(* Fix $a_1,a_2,b_1,b_2>0$, $p_1,p_2\in(0,1)$, $q_1,q_2>1$, integers $n_1,n_2\ge1$ and exponents $\eta_{i,j}>0$ ($i=1,2$, $j\in\{1,\dots,n_i\}$), and suppose $\eta_{1,i}\eta_{2,j}\in[p_2,q_2]$ for all $i\in\{1,\dots,n_1\}$, $j\in\{1,\dots,n_2\}$ and $\frac{\max_j\eta_{2,j}}{\min_k\eta_{2,k}}\le\frac{q_2}{p_2}$. For $i=1,2$ let $\alpha_i(s)=a_is^{p_i}+b_is^{q_i}$. Then there exists $C>0$ such that for all coefficients $c_{i,j}>0$, setting $\sigma_i(s)=\sum_{j=1}^{n_i}c_{i,j}s^{\eta_{i,j}}$, $\gamma_i:=\alpha_i^{-1}\circ\sigma_i$ and $c_i:=\max_jc_{i,j}$: if $c_2\max_kc_1^{\eta_{2,k}}<C$, then there exist $\hat\gamma_1\in\mathcal{K}^{\mathcal{P}}$ and $\hat\gamma_2\in\mathcal{K}^{\mathcal{P}^{-1}}$ such that $\hat\gamma_i(s)>\gamma_i(s)$ for $i=1,2$ and $\hat\gamma_1\circ\hat\gamma_2(s)<s$ for all $s>0$.
   Context: $\mathcal{K}_\infty$: continuous strictly increasing unbounded $\alpha:\mathbb{R}_{\ge0}\to\mathbb{R}_{\ge0}$ with $\alpha(0)=0$. $\mathcal{K}^{\mathcal{P}}$: the $\alpha\in\mathcal{K}_\infty$ of the form $\sum_{i=1}^nc_is^{p_i}$ with real $c_i\ne0$, $p_i>0$, and $\alpha'(s)>0$ for $s>0$. $\mathcal{K}^{\mathcal{P}^{-1}}$: the $\alpha\in\mathcal{K}_\infty$ with $\alpha^{-1}\in\mathcal{K}^{\mathcal{P}}$. *)

From HB Require Import structures.
From mathcomp Require Import all_boot all_order all_algebra.
From mathcomp Require Import all_classical all_reals all_analysis.
Set Implicit Arguments. Unset Strict Implicit. Unset Printing Implicit Defensive.
Import Order.TTheory GRing.Theory Num.Theory.
Import numFieldNormedType.Exports.
Local Open Scope classical_set_scope.
Local Open Scope ring_scope.
(* Let $L_0$ be shared between frames $\mathcal{F}_1,\mathcal{F}_2$, let $C_s\subseteq\mathrm{LEFT}_0$, and let $\mathcal{B}_c\in\mathrm{lruns}_{C_{cut,0}}(\mathcal{F}_1)\cap\mathrm{lruns}_{C_{cut,0}}(\mathcal{F}_2)$. (1) $J^{1,C_s}_{C_{cut,0}}(\mathcal{B}_c)=J^{2,C_s}_{C_{cut,0}}(\mathcal{B}_c)$. (2) Assume $\mathrm{lruns}_{C_{cut,0}}(\mathcal{F}_2)\subseteq\mathrm{lruns}_{C_{cut,0}}(\mathcal{F}_1)$. Let $C_o\subseteq\mathrm{RIGHT}_2$ and $\mathcal{B}_o\in\mathrm{lruns}_{C_o}(\mathcal{F}_2)$. Then $$J^{2,C_s}_{C_o}(\mathcal{B}_o)=\bigcup_{\mathcal{B}'_c\in J^{2,C_{cut,0}}_{C_o}(\mathcal{B}_o)} J^{1,C_s}_{C_{cut,0}}(\mathcal{B}'_c).$$
   Context: A frame consists of pairwise disjoint sets of locations $\mathcal{LO}$, channels $\mathcal{CH}$, data $\mathcal{D}$. Each channel $c$ either has both a sender $\mathrm{sender}(c)$ and a recipient $\mathrm{recipient}(c)$ (possibly equal), or neither; $\mathrm{chans}(\ell)$ is the set of channels of which $\ell$ is sender or recipient. Each location $\ell$ has a prefix-closed set $\mathrm{traces}(\ell)$ of finite or infinite sequences of labels $(c,v)$, $c\in\mathrm{chans}(\ell)$, $v\in\mathcal{D}$. Events are drawn from a common set $E$ with functions $\mathrm{chan}$ and $\mathrm{msg}$. A system of events $(B,\preceq)$ has $B\subseteq E$ and $\preceq$ a partial order with finitely many predecessors per event; it is an execution of frame $\mathcal{F}_i$ ($\in\mathrm{exec}(\mathcal{F}_i)$) iff for each location $\ell$ of $\mathcal{F}_i$ the events whose channel has $\ell$ as sender or recipient are linearly ordered and, as a sequence of labels $(\mathrm{chan}(e),\mathrm{msg}(e))$, lie in $\mathrm{traces}(\ell)$. $\mathcal{B}|_C$ keeps events with channel in $C$ and the restricted order. $\mathrm{lruns}_C(\mathcal{F}_i)=\{\mathcal{A}|_C:\mathcal{A}\in\mathrm{exec}(\mathcal{F}_i)\}$ and $J^{i,C'}_{C}(\mathcal{B})=\{\mathcal{A}|_{C'}:\mathcal{A}\in\mathrm{exec}(\mathcal{F}_i),\ \mathcal{A}|_C=\mathcal{B}\}$. A set $L_0$ of locations is shared between $\mathcal{F}_1$ and $\mathcal{F}_2$ (with locations $\mathcal{LO}_i$, channels $\mathcal{CH}_i$) iff $L_0\subseteq\mathcal{LO}_1\cap\mathcal{LO}_2$ and each $\ell\in L_0$ has the same channel endpoints and the same trace set in both frames. Then $\mathrm{LEFT}_0=\{c\in\mathcal{CH}_1:$ both endpoints of $c$ are in $L_0\}$, $C_{cut,0}=\{c\in\mathcal{CH}_1:$ exactly one endpoint of $c$ is in $L_0\}$, and $\mathrm{RIGHT}_i=\{c\in\mathcal{CH}_i:$ no endpoint of $c$ is in $L_0\}$. *)

From Stdlib Require Import List.
Import ListNotations.
Set Implicit Arguments.

Section Frames.
(* Universes: locations, channels, data (pairwise disjoint: distinct types),
   and the common set of events E with chan / msg. *)
Variables (Loc Chan Data E : Type) (chan : E -> Chan) (msg : E -> Data).

Definition label := (Chan * Data)%type.

(* A finite or infinite sequence of labels: s k = None means "length <= k". *)
Definition lseq := nat -> option label.
Definition lseq_wf (s : lseq) : Prop := forall n, s n = None -> s (S n) = None.
Definition lprefix (n : nat) (s : lseq) : lseq :=
  fun k => if Nat.ltb k n then s k else None.

Record frame := Frame {
  f_locs : Loc -> Prop;
  f_chans : Chan -> Prop;
  f_ends : Chan -> option (Loc * Loc);        (* Some (sender, recipient) or None *)
  f_traces : Loc -> lseq -> Prop
}.

Definition in_chans (F : frame) (l : Loc) (c : Chan) : Prop :=
  exists s r, f_ends F c = Some (s, r) /\ (s = l \/ r = l).

Definition wf_frame (F : frame) : Prop :=
  (forall c, ~ f_chans F c -> f_ends F c = None) /\
  (forall c s r, f_ends F c = Some (s, r) -> f_chans F c /\ f_locs F s /\ f_locs F r) /\
  (forall l t, f_traces F l t -> lseq_wf t) /\
  (forall l t k c v, f_traces F l t -> t k = Some (c, v) -> in_chans F l c) /\
  (forall l t n, f_traces F l t -> f_traces F l (lprefix n t)).

Record sys := Sys { ev : E -> Prop; ord : E -> E -> Prop }.

Definition wf_sys (A : sys) : Prop :=
  (forall x y, ord A x y -> ev A x /\ ev A y) /\
  (forall x, ev A x -> ord A x x) /\
  (forall x y, ord A x y -> ord A y x -> x = y) /\
  (forall x y z, ord A x y -> ord A y z -> ord A x z) /\
  (forall e, ev A e -> exists l : list E, forall x, ord A x e -> In x l).

Definition has_rank (P : E -> Prop) (o : E -> E -> Prop) (e : E) (k : nat) : Prop :=
  exists l : list E, NoDup l /\ length l = k /\
    (forall x, In x l <-> (P x /\ o x e /\ x <> e)).

(* s is the sequence of labels of the (linearly ordered) events satisfying P *)
Definition represents (P : E -> Prop) (o : E -> E -> Prop) (s : lseq) : Prop :=
  forall k lab, s k = Some lab <->
    exists e, P e /\ has_rank P o e k /\ (chan e, msg e) = lab.

Definition loc_events (F : frame) (A : sys) (l : Loc) (e : E) : Prop :=
  ev A e /\ in_chans F l (chan e).

Definition exec (F : frame) (A : sys) : Prop :=
  wf_sys A /\
  forall l, f_locs F l ->
    (forall x y, loc_events F A l x -> loc_events F A l y -> ord A x y \/ ord A y x) /\
    exists s, represents (loc_events F A l) (ord A) s /\ f_traces F l s.

Definition restrict (C : Chan -> Prop) (A : sys) : sys :=
  Sys (fun e => ev A e /\ C (chan e))
      (fun x y => ord A x y /\ C (chan x) /\ C (chan y)).

Definition lruns (F : frame) (C : Chan -> Prop) (B : sys) : Prop :=
  exists A, exec F A /\ restrict C A = B.

(* J^{F, C'}_C(B) as a set of systems *)
Definition J (F : frame) (C C' : Chan -> Prop) (B : sys) (B' : sys) : Prop :=
  exists A, exec F A /\ restrict C A = B /\ restrict C' A = B'.

Definition shared (L0 : Loc -> Prop) (F1 F2 : frame) : Prop :=
  forall l, L0 l ->
    f_locs F1 l /\ f_locs F2 l /\
    (forall c, in_chans F1 l c \/ in_chans F2 l c -> f_ends F1 c = f_ends F2 c) /\
    (forall t, f_traces F1 l t <-> f_traces F2 l t).

Definition LEFT (L0 : Loc -> Prop) (F1 : frame) (c : Chan) : Prop :=
  f_chans F1 c /\ exists s r, f_ends F1 c = Some (s, r) /\ L0 s /\ L0 r.

Definition Ccut (L0 : Loc -> Prop) (F1 : frame) (c : Chan) : Prop :=
  f_chans F1 c /\ exists s r, f_ends F1 c = Some (s, r) /\
    ((L0 s /\ ~ L0 r) \/ (~ L0 s /\ L0 r)).

Definition RIGHT (L0 : Loc -> Prop) (F : frame) (c : Chan) : Prop :=
  f_chans F c /\ (f_ends F c = None \/
    exists s r, f_ends F c = Some (s, r) /\ ~ L0 s /\ ~ L0 r).

End Frames.

(* Let P be the channels with an endpoint in L0 and Q the cut channels.  Given
   an execution A of one frame and an execution A' of the other that agree on Q,
   keep the events of A on P-channels and those of A' elsewhere, ordered by both
   orders together with their compositions through cut events.  As the two orders
   coincide on cut events this is again a partial order with finite downsets;
   locations in L0 see exactly their view in A and the others their view in A',
   so it is an execution of the second frame that looks like A on P and like A'
   off P and on Q.  Both parts follow by gluing in the appropriate direction. *)

From Stdlib Require Import List Classical FunctionalExtensionality PropExtensionality.
Import ListNotations.
Set Implicit Arguments.
Unset Strict Implicit.

Definition comp_rel {E : Type} (R L : E -> E -> Prop) (x y : E) : Prop :=
  exists c, R x c /\ L c y.

Definition glue_rel {E : Type} (L R : E -> E -> Prop) (x y : E) : Prop :=
  L x y \/ R x y \/ comp_rel R L x y \/ comp_rel L R x y.

Lemma glue_rel_sym {E : Type} (L R : E -> E -> Prop) (x y : E) :
  glue_rel L R x y <-> glue_rel R L x y.
Proof. unfold glue_rel; tauto. Qed.

Record compatible_orders {E : Type} (a b : E -> Prop) (L R : E -> E -> Prop) : Prop := {
  co_dom_l : forall {x y}, L x y -> a x /\ a y;
  co_dom_r : forall {x y}, R x y -> b x /\ b y;
  co_refl_l : forall {x y}, L x y -> L x x /\ L y y;
  co_refl_r : forall {x y}, R x y -> R x x /\ R y y;
  co_trans_l : forall {x y z}, L x y -> L y z -> L x z;
  co_trans_r : forall {x y z}, R x y -> R y z -> R x z;
  co_antisym_l : forall {x y}, L x y -> L y x -> x = y;
  co_antisym_r : forall {x y}, R x y -> R y x -> x = y;
  co_agree : forall x y, a x -> b x -> a y -> b y -> (L x y <-> R x y)
}.

Lemma compatible_orders_sym {E : Type} (a b : E -> Prop) (L R : E -> E -> Prop) :
  compatible_orders a b L R -> compatible_orders b a R L.
Proof.
  intros [? ? ? ? ? ? ? ? agree]; split; auto.
  intros; symmetry; auto.
Qed.

Section GlueRel.
Variables (E : Type) (a b : E -> Prop) (L R : E -> E -> Prop).
Hypothesis Hc : compatible_orders a b L R.

Lemma glue_rel_left x y : a x -> a y -> (glue_rel L R x y <-> L x y).
Proof.
  intros ax ay; split; [|now left].
  intros [h|[h|[[c [h1 h2]]|[c [h1 h2]]]]]; auto.
  - destruct (co_dom_r Hc h); now apply (co_agree Hc).
  - destruct (co_dom_r Hc h1), (co_dom_l Hc h2).
    apply (co_trans_l Hc (y:=c)); auto; now apply (co_agree Hc).
  - destruct (co_dom_l Hc h1), (co_dom_r Hc h2).
    apply (co_trans_l Hc (y:=c)); auto; now apply (co_agree Hc).
Qed.

Lemma glue_rel_into_left x y : a y -> glue_rel L R x y -> L x y \/ comp_rel R L x y.
Proof.
  intros ay [h|[h|[h|[c [h1 h2]]]]]; auto.
  - right; exists y; split; auto.
    destruct (co_dom_r Hc h), (co_refl_r Hc h). now apply (co_agree Hc).
  - left; destruct (co_dom_l Hc h1), (co_dom_r Hc h2).
    apply (co_trans_l Hc (y:=c)); auto; now apply (co_agree Hc).
Qed.

Lemma glue_rel_from_left x y : a x -> glue_rel L R x y -> L x y \/ comp_rel L R x y.
Proof.
  intros ax [h|[h|[[c [h1 h2]]|h]]]; auto.
  - right; exists x; split; auto.
    destruct (co_dom_r Hc h), (co_refl_r Hc h). now apply (co_agree Hc).
  - left; destruct (co_dom_r Hc h1), (co_dom_l Hc h2).
    apply (co_trans_l Hc (y:=c)); auto; now apply (co_agree Hc).
Qed.

Lemma glue_rel_trans_left x y z :
  a y -> glue_rel L R x y -> glue_rel L R y z -> glue_rel L R x z.
Proof.
  intros ay hxy hyz.
  destruct (glue_rel_into_left ay hxy) as [h1|[c [h1 h1']]];
    destruct (glue_rel_from_left ay hyz) as [h2|[c' [h2 h2']]]; unfold glue_rel, comp_rel.
  - left; exact (co_trans_l Hc h1 h2).
  - do 3 right; exists c'; split; [exact (co_trans_l Hc h1 h2)|exact h2'].
  - do 2 right; left; exists c; split; [exact h1|exact (co_trans_l Hc h1' h2)].
  - right; left.
    destruct (co_dom_r Hc h1), (co_dom_l Hc h1'), (co_dom_l Hc h2), (co_dom_r Hc h2').
    (* [c] and [c'] lie in the overlap, where [L] and [R] agree *)
    assert (hcc : R c c') by (apply (co_agree Hc); auto; exact (co_trans_l Hc h1' h2)).
    exact (co_trans_r Hc h1 (co_trans_r Hc hcc h2')).
Qed.

(* The two paths between [x] and [y] meet the overlap in points [c] and [c'],
   and antisymmetry of [L] collapses the resulting cycle onto [x]. *)
Lemma glue_rel_cycle_left x y :
  a x -> ~ a y -> glue_rel L R x y -> glue_rel L R y x -> b x.
Proof.
  intros ax nay hxy hyx.
  destruct (glue_rel_from_left ax hxy) as [h|[c [h1 h2]]]; [now destruct (co_dom_l Hc h)|].
  destruct (glue_rel_into_left ax hyx) as [h|[c' [h3 h4]]]; [now destruct (co_dom_l Hc h)|].
  destruct (co_dom_l Hc h1), (co_dom_r Hc h2), (co_dom_r Hc h3), (co_dom_l Hc h4).
  assert (c' = c).
  { apply (co_antisym_l Hc); [exact (co_trans_l Hc h4 h1)|].
    apply (co_agree Hc); auto; exact (co_trans_r Hc h2 h3). }
  subst c'.
  assert (x = c) by exact (co_antisym_l Hc h1 h4).
  now subst.
Qed.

**WORK TO COMPLETE:**
An exact, complete copy of the lines above from the one with "Hypothesis Hc : compatible_orders a b L R." through the one with "- destruct (co_dom_r Hc h1), (co_dom_l" is the whole answer.

**SOLUTION:**
Hypothesis Hc : compatible_orders a b L R.

Lemma glue_rel_left x y : a x -> a y -> (glue_rel L R x y <-> L x y).
Proof.
  intros ax ay; split; [|now left].
  intros [h|[h|[[c [h1 h2]]|[c [h1 h2]]]]]; auto.
  - destruct (co_dom_r Hc h); now apply (co_agree Hc).
  - destruct (co_dom_r Hc h1), (co_dom_l Hc h2).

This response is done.